The Westinghouse AN/ASQ-153\AN/AVQ-23 Pave Spike is an electro-optical laser designator targeting pod used to direct laser-guided bombs to target in daylight, visual conditions. It contained a laser boresighted to a television camera, which displayed its image on a cockpit screen.

156 examples of the original AN/ASQ-153 were used by USAF F-4 Phantom II aircraft (D and E variants) from 1974 through 1989, replacing the earlier Pave Knife.  The 144-inch-long (3.66 m), 420-lb (209 kg) pod was mounted in the F-4's left forward missile well, in place of an AIM-7 Sparrow air-to-air missile.

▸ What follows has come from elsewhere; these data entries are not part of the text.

(* Let $\gamma>0$, let $\Lambda(\boldsymbol z,n)$ be a rank-1 lattice and let $\mathcal A(\boldsymbol z,n)=\{\boldsymbol h_\xi:\xi=0,\dots,n-1\}$ be a full-cardinality anti-aliasing set, with $\boldsymbol h_\xi\cdot\boldsymbol z\equiv\xi\pmod n$, chosen with minimal $\ell_2$ norm: $\|\boldsymbol h_\xi\|_2=\min\{\|\boldsymbol h'\|_2:\boldsymbol h'\in\mathbb Z^d,\ \boldsymbol h'\cdot\boldsymbol z\equiv\xi\pmod n\}$ for each $\xi$. Let $v\in E_\alpha(\mathbb T^d)$ (potential) and $g\in E_\beta(\mathbb T^d)$ with $\beta\ge2$. Let $D=\frac\gamma2D_n$ and $W=\frac1\gamma W_n$, where $D_n=\mathrm{diag}\big((4\pi^2\|\boldsymbol h_\xi\|_2^2)_{\xi=0}^{n-1}\big)$ and $W_n=F_nV_nF_n^{-1}$. Then: (i) If $\alpha>5/2$, there is a constant $c_1$, depending only on $d,\alpha,\gamma$ and $v$ (not on $\boldsymbol z$, $n$ or $\boldsymbol y$), such that $\|[D,W]\boldsymbol y\|_2\le c_1\|(D+I)\boldsymbol y\|_2$ for all $\boldsymbol y\in\mathbb R^n$. (ii) If $\alpha>9/2$, there is a constant $c_2$, depending only on $d,\alpha,\gamma$ and $v$ (not on $\boldsymbol z$, $n$ or $\boldsymbol y$), such that $\|[D,[D,W]]\boldsymbol y\|_2\le c_2\|(D+I)^2\boldsymbol y\|_2$ for all $\boldsymbol y\in\mathbb R^n$.
   Context: Rank-1 lattice: for $\boldsymbol z\in\mathbb Z^d$ with components coprime to $n$, $\Lambda(\boldsymbol z,n)=\{\boldsymbol p_k:=(k\boldsymbol z/n)\bmod1:k=0,\dots,n-1\}$. Its dual $\Lambda^\perp(\boldsymbol z,n)=\{\boldsymbol h\in\mathbb Z^d:\boldsymbol h\cdot\boldsymbol z\equiv0\pmod n\}$; an anti-aliasing set is $\mathcal A\subset\mathbb Z^d$ with differences of distinct elements not in $\Lambda^\perp$; full cardinality means $|\mathcal A|=n$, so it contains exactly one $\boldsymbol h_\xi$ with $\boldsymbol h_\xi\cdot\boldsymbol z\equiv\xi$ for each $\xi\in\mathbb Z_n$. $F_n=\frac1{\sqrt n}(\exp(-2\pi\mathrm i\,k\xi/n))_{\xi,k=0}^{n-1}$ (unitary), $V_n=\mathrm{diag}(v(\boldsymbol p_0),\dots,v(\boldsymbol p_{n-1}))$. $[A,B]=AB-BA$; $\|\cdot\|_2$ the Euclidean norm; $I$ the identity. Korobov space $E_\alpha(\mathbb T^d)=\{f\in L_2(\mathbb T^d):\sum_{\boldsymbol h\in\mathbb Z^d}|\widehat f(\boldsymbol h)|^2\prod_{j=1}^d\max(|h_j|^{2\alpha},1)<\infty\}$, $\widehat f(\boldsymbol h)=\int_{[0,1]^d}f(\boldsymbol x)e^{-2\pi\mathrm i\boldsymbol h\cdot\boldsymbol x}\mathrm d\boldsymbol x$. *)

From Stdlib Require Import Reals Lra Lia ZArith List.
Import ListNotations.
Open Scope R_scope.

Definition Cpx : Type := (R * R)%type.
Definition C0 : Cpx := (0, 0).
Definition C1 : Cpx := (1, 0).
Definition RtoC (a : R) : Cpx := (a, 0).
Definition Cadd (u w : Cpx) : Cpx := (fst u + fst w, snd u + snd w).
Definition Csub (u w : Cpx) : Cpx := (fst u - fst w, snd u - snd w).
Definition Cmul (u w : Cpx) : Cpx :=
  (fst u * fst w - snd u * snd w, fst u * snd w + snd u * fst w).
Definition Cmod2 (u : Cpx) : R := fst u * fst u + snd u * snd u.
Definition Cexpi (t : R) : Cpx := (cos t, sin t).

Definition Rsum_list {A} (f : A -> R) (l : list A) : R :=
  fold_right Rplus 0 (map f l).
Definition Csum_list {A} (f : A -> Cpx) (l : list A) : Cpx :=
  fold_right Cadd C0 (map f l).
Definition Csum (n : nat) (f : nat -> Cpx) : Cpx := Csum_list f (seq 0 n).
Definition Rsum (n : nat) (f : nat -> R) : R := Rsum_list f (seq 0 n).

Definition dotZ (h z : list Z) : Z :=
  fold_right Z.add 0%Z (map (fun p => (fst p * snd p)%Z) (combine h z)).
Definition dotZR (h : list Z) (x : list R) : R :=
  Rsum_list (fun p => IZR (fst p) * snd p) (combine h x).
Definition subZ (h h' : list Z) : list Z :=
  map (fun p => (fst p - snd p)%Z) (combine h h').
Definition normsqZ (h : list Z) : R := Rsum_list (fun a => IZR a * IZR a) h.
Definition norm2Z (h : list Z) : R := sqrt (normsqZ h).

Definition congr (h z : list Z) (n xi : nat) : Prop :=
  Z.modulo (dotZ h z - Z.of_nat xi) (Z.of_nat n) = 0%Z.
Definition in_dual (h z : list Z) (n : nat) : Prop :=
  Z.modulo (dotZ h z) (Z.of_nat n) = 0%Z.

(* cubes [-N,N]^d of Z^d, used to define sums over Z^d *)
Definition zrange (N : nat) : list Z :=
  map (fun k => (Z.of_nat k - Z.of_nat N)%Z) (seq 0 (2 * N + 1)).
Fixpoint box (d N : nat) : list (list Z) :=
  match d with
  | O => [[]]
  | S d' => flat_map (fun a => map (cons a) (box d' N)) (zrange N)
  end.

Definition kfactor (alpha : R) (a : Z) : R :=
  if Z.eqb a 0 then 1 else Rmax (Rpower (IZR (Z.abs a)) (2 * alpha)) 1.
Definition kweight (alpha : R) (h : list Z) : R :=
  fold_right Rmult 1 (map (kfactor alpha) h).
(* sum_{h in Z^d} |c(h)|^2 prod_j max(|h_j|^{2alpha},1) < infinity
   (nonnegative terms: bounded partial sums over the cubes) *)
Definition korobov (d : nat) (alpha : R) (c : list Z -> Cpx) : Prop :=
  exists M : R, forall N : nat,
    Rsum_list (fun h => Cmod2 (c h) * kweight alpha h) (box d N) <= M.

(* f(x) = sum_{h in Z^d} c(h) e^{2 pi i h.x}  (limit of cube partial sums) *)
Definition fourier_partial (d : nat) (c : list Z -> Cpx) (x : list R) (N : nat) : Cpx :=
  Csum_list (fun h => Cmul (c h) (Cexpi (2 * PI * dotZR h x))) (box d N).
Definition fourier_series_at (d : nat) (c : list Z -> Cpx) (x : list R) (val : Cpx) : Prop :=
  Un_cv (fun N => fst (fourier_partial d c x N)) (fst val) /\
  Un_cv (fun N => snd (fourier_partial d c x N)) (snd val).

Definition latpt (z : list Z) (n k : nat) : list R :=
  map (fun zj => IZR (Z.modulo (Z.of_nat k * zj) (Z.of_nat n)) / INR n) z.
Definition coprime_gen (z : list Z) (n : nat) : Prop :=
  Forall (fun zj => Z.gcd zj (Z.of_nat n) = 1%Z) z.

(* ---------- n x n complex matrices (indices 0..n-1) ---------- *)
Definition mat : Type := nat -> nat -> Cpx.
Definition cvec : Type := nat -> Cpx.
Definition mmul (n : nat) (A B : mat) : mat :=
  fun i j => Csum n (fun k => Cmul (A i k) (B k j)).
Definition mvec (n : nat) (A : mat) (y : cvec) : cvec :=
  fun i => Csum n (fun k => Cmul (A i k) (y k)).
Definition madd (A B : mat) : mat := fun i j => Cadd (A i j) (B i j).
Definition msub (A B : mat) : mat := fun i j => Csub (A i j) (B i j).
Definition mscale (a : R) (A : mat) : mat := fun i j => Cmul (RtoC a) (A i j).
Definition idm : mat := fun i j => if Nat.eqb i j then C1 else C0.
Definition diagm (f : nat -> Cpx) : mat := fun i j => if Nat.eqb i j then f i else C0.
Definition comm (n : nat) (A B : mat) : mat := msub (mmul n A B) (mmul n B A).
Definition vnorm (n : nat) (x : cvec) : R := sqrt (Rsum n (fun i => Cmod2 (x i))).
Definition realvec (y : nat -> R) : cvec := fun i => RtoC (y i).
Definition is_inverse (n : nat) (A B : mat) : Prop :=
  forall i j, (i < n)%nat -> (j < n)%nat ->
    mmul n A B i j = idm i j /\ mmul n B A i j = idm i j.

Definition Fmat (n : nat) : mat :=
  fun xi k => Cmul (RtoC (/ sqrt (INR n)))
                   (Cexpi (- (2 * PI * INR k * INR xi / INR n))).
Definition Vmat (v : list R -> Cpx) (z : list Z) (n : nat) : mat :=
  diagm (fun k => v (latpt z n k)).
Definition Dnmat (h : nat -> list Z) : mat :=
  diagm (fun xi => RtoC (4 * PI ^ 2 * (norm2Z (h xi)) ^ 2)).

Definition minimal_aa_set (d : nat) (z : list Z) (n : nat) (h : nat -> list Z) : Prop :=
  (forall xi, (xi < n)%nat -> length (h xi) = d /\ congr (h xi) z n xi) /\
  (forall xi xi', (xi < n)%nat -> (xi' < n)%nat -> xi <> xi' ->
     ~ in_dual (subZ (h xi) (h xi')) z n) /\
  (forall xi (h' : list Z), (xi < n)%nat -> length h' = d -> congr h' z n xi ->
     norm2Z (h xi) <= norm2Z h').

From Stdlib Require Import Reals ZArith List Lra Lia.
Import ListNotations.
Open Scope R_scope.

(* Entry [(i, j)] of [F_n V_n F_n^-1] is the discrete Fourier coefficient at [j - i]
   of the samples [v(p_k)], i.e. the sum of the Fourier coefficients [c(m)] over the
   frequencies [m] with [m . z + j - i = 0 (mod n)].  For such [m], [h_j + m] lies in
   the class of [i], so minimality of [h_i] gives
   [| |h_i|^2 - |h_j|^2 | <= (1 + |h_j|^2) (1 + 2 |m|^2)].  The entries of [[D,W]]
   (p = 1) and [[D,[D,W]]] (p = 2) are therefore bounded by [K_ij (1 + lambda_j)^p],
   where every frequency contributes at most once to each row and column of [K], with
   weight [|c(m)| (1 + 2 |m|^2)^p].  By Cauchy-Schwarz against the Korobov weight these
   weights are summable as soon as [alpha > 2p + 1/2], and the Schur test bounds the
   operator norm of [K] independently of [z] and [n]. *)

Lemma Rsum_list_app {A} (f : A -> R) l1 l2 :
  Rsum_list f (l1 ++ l2) = Rsum_list f l1 + Rsum_list f l2.
Proof. induction l1; unfold Rsum_list in *; simpl; try rewrite IHl1; lra. Qed.

Lemma Rsum_list_ext {A} (f g : A -> R) l :
  (forall x, In x l -> f x = g x) -> Rsum_list f l = Rsum_list g l.
Proof.
  induction l; intros H; unfold Rsum_list in *; simpl; auto.
  rewrite H by now left. f_equal. apply IHl. intros; apply H; now right.
Qed.

Lemma Rsum_list_le {A} (f g : A -> R) l :
  (forall x, In x l -> f x <= g x) -> Rsum_list f l <= Rsum_list g l.
Proof.
  induction l; intros H; unfold Rsum_list in *; simpl; try lra.
  apply Rplus_le_compat; [apply H; now left | apply IHl; intros; apply H; now right].
Qed.

Lemma Rsum_list_plus {A} (f g : A -> R) l :
  Rsum_list (fun x => f x + g x) l = Rsum_list f l + Rsum_list g l.
Proof. induction l; unfold Rsum_list in *; simpl; try rewrite IHl; lra. Qed.

Lemma Rsum_list_minus {A} (f g : A -> R) l :
  Rsum_list (fun x => f x - g x) l = Rsum_list f l - Rsum_list g l.
Proof. induction l; unfold Rsum_list in *; simpl; try rewrite IHl; lra. Qed.

Lemma Rsum_list_scal {A} (f : A -> R) c l :
  Rsum_list (fun x => c * f x) l = c * Rsum_list f l.
Proof. induction l; unfold Rsum_list in *; simpl; try rewrite IHl; lra. Qed.

Lemma Rsum_list_zero {A} (f : A -> R) l :
  (forall x, In x l -> f x = 0) -> Rsum_list f l = 0.
Proof.
  intros H. rewrite (Rsum_list_ext f (fun x => 0 * 0)) by (intros; rewrite H; auto; ring).
  rewrite Rsum_list_scal; ring.
Qed.

Lemma Rsum_list_nonneg {A} (f : A -> R) l :
  (forall x, In x l -> 0 <= f x) -> 0 <= Rsum_list f l.
Proof.
  intros H. rewrite <- (Rsum_list_zero (fun _ => 0) l) by auto.
  now apply Rsum_list_le.
Qed.

Lemma Rsum_list_map {A B} (f : B -> R) (g : A -> B) l :
  Rsum_list f (map g l) = Rsum_list (fun x => f (g x)) l.
Proof. unfold Rsum_list; now rewrite map_map. Qed.

Lemma Rsum_list_flat_map {A B} (f : B -> R) (g : A -> list B) l :
  Rsum_list f (flat_map g l) = Rsum_list (fun x => Rsum_list f (g x)) l.
Proof. induction l; simpl; auto. now rewrite Rsum_list_app, IHl. Qed.

Lemma Rsum_list_swap {A B} (f : A -> B -> R) l1 l2 :
  Rsum_list (fun a => Rsum_list (f a) l2) l1 =
  Rsum_list (fun b => Rsum_list (fun a => f a b) l1) l2.
Proof.
  induction l1; simpl.
  - symmetry; now apply Rsum_list_zero.
  - change (Rsum_list (f a) l2 + Rsum_list (fun a => Rsum_list (f a) l2) l1 =
      Rsum_list (fun b => f a b + Rsum_list (fun a => f a b) l1) l2).
    now rewrite IHl1, Rsum_list_plus.
Qed.

Lemma Csum_list_fst {A} (f : A -> Cpx) l :
  fst (Csum_list f l) = Rsum_list (fun x => fst (f x)) l.
Proof. induction l; unfold Csum_list, Rsum_list in *; simpl; auto. now rewrite IHl. Qed.

Lemma Csum_list_snd {A} (f : A -> Cpx) l :
  snd (Csum_list f l) = Rsum_list (fun x => snd (f x)) l.
Proof. induction l; unfold Csum_list, Rsum_list in *; simpl; auto. now rewrite IHl. Qed.

Lemma Cpx_ext (u w : Cpx) : fst u = fst w -> snd u = snd w -> u = w.
Proof. destruct u, w; simpl; intros; now subst. Qed.

Lemma Csum_list_ext {A} (f g : A -> Cpx) l :
  (forall x, In x l -> f x = g x) -> Csum_list f l = Csum_list g l.
Proof.
  intros H; apply Cpx_ext; [rewrite !Csum_list_fst | rewrite !Csum_list_snd];
  apply Rsum_list_ext; intros; now rewrite H.
Qed.

Lemma Cmul_Csum_list_l {A} u (f : A -> Cpx) l :
  Cmul u (Csum_list f l) = Csum_list (fun x => Cmul u (f x)) l.
Proof.
  apply Cpx_ext; unfold Cmul; simpl; rewrite !Csum_list_fst, !Csum_list_snd; simpl.
  - now rewrite <- !Rsum_list_scal, <- Rsum_list_minus.
  - now rewrite <- !Rsum_list_scal, <- Rsum_list_plus.
Qed.

Lemma Cmul_Csum_list_r {A} u (f : A -> Cpx) l :
  Cmul (Csum_list f l) u = Csum_list (fun x => Cmul (f x) u) l.
Proof.
  apply Cpx_ext; unfold Cmul; simpl; rewrite !Csum_list_fst, !Csum_list_snd; simpl;
  rewrite !(Rmult_comm _ (fst u)), !(Rmult_comm _ (snd u)), <- !Rsum_list_scal;
  [rewrite <- Rsum_list_minus | rewrite <- Rsum_list_plus];
  apply Rsum_list_ext; intros; ring.
Qed.

Lemma Csum_list_swap {A B} (f : A -> B -> Cpx) l1 l2 :
  Csum_list (fun a => Csum_list (f a) l2) l1 =
  Csum_list (fun b => Csum_list (fun a => f a b) l1) l2.
Proof.
  apply Cpx_ext; [rewrite !Csum_list_fst | rewrite !Csum_list_snd].
  - rewrite (Rsum_list_ext _ (fun a => Rsum_list (fun b => fst (f a b)) l2))
      by (intros; apply Csum_list_fst).
    rewrite Rsum_list_swap. apply Rsum_list_ext; intros; now rewrite Csum_list_fst.
  - rewrite (Rsum_list_ext _ (fun a => Rsum_list (fun b => snd (f a b)) l2))
      by (intros; apply Csum_list_snd).
    rewrite Rsum_list_swap. apply Rsum_list_ext; intros; now rewrite Csum_list_snd.
Qed.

In 1979, the Royal Air Force acquired a number of the simplified AN/AVQ-23E pods for their Blackburn Buccaneers. Twelve aircraft equipped with the pod were deployed to Saudi Arabia for the Gulf War to initially perform laser designation for other RAF aircraft  Later in the air campaign, these aircraft would carry laser-designated bombs themselves.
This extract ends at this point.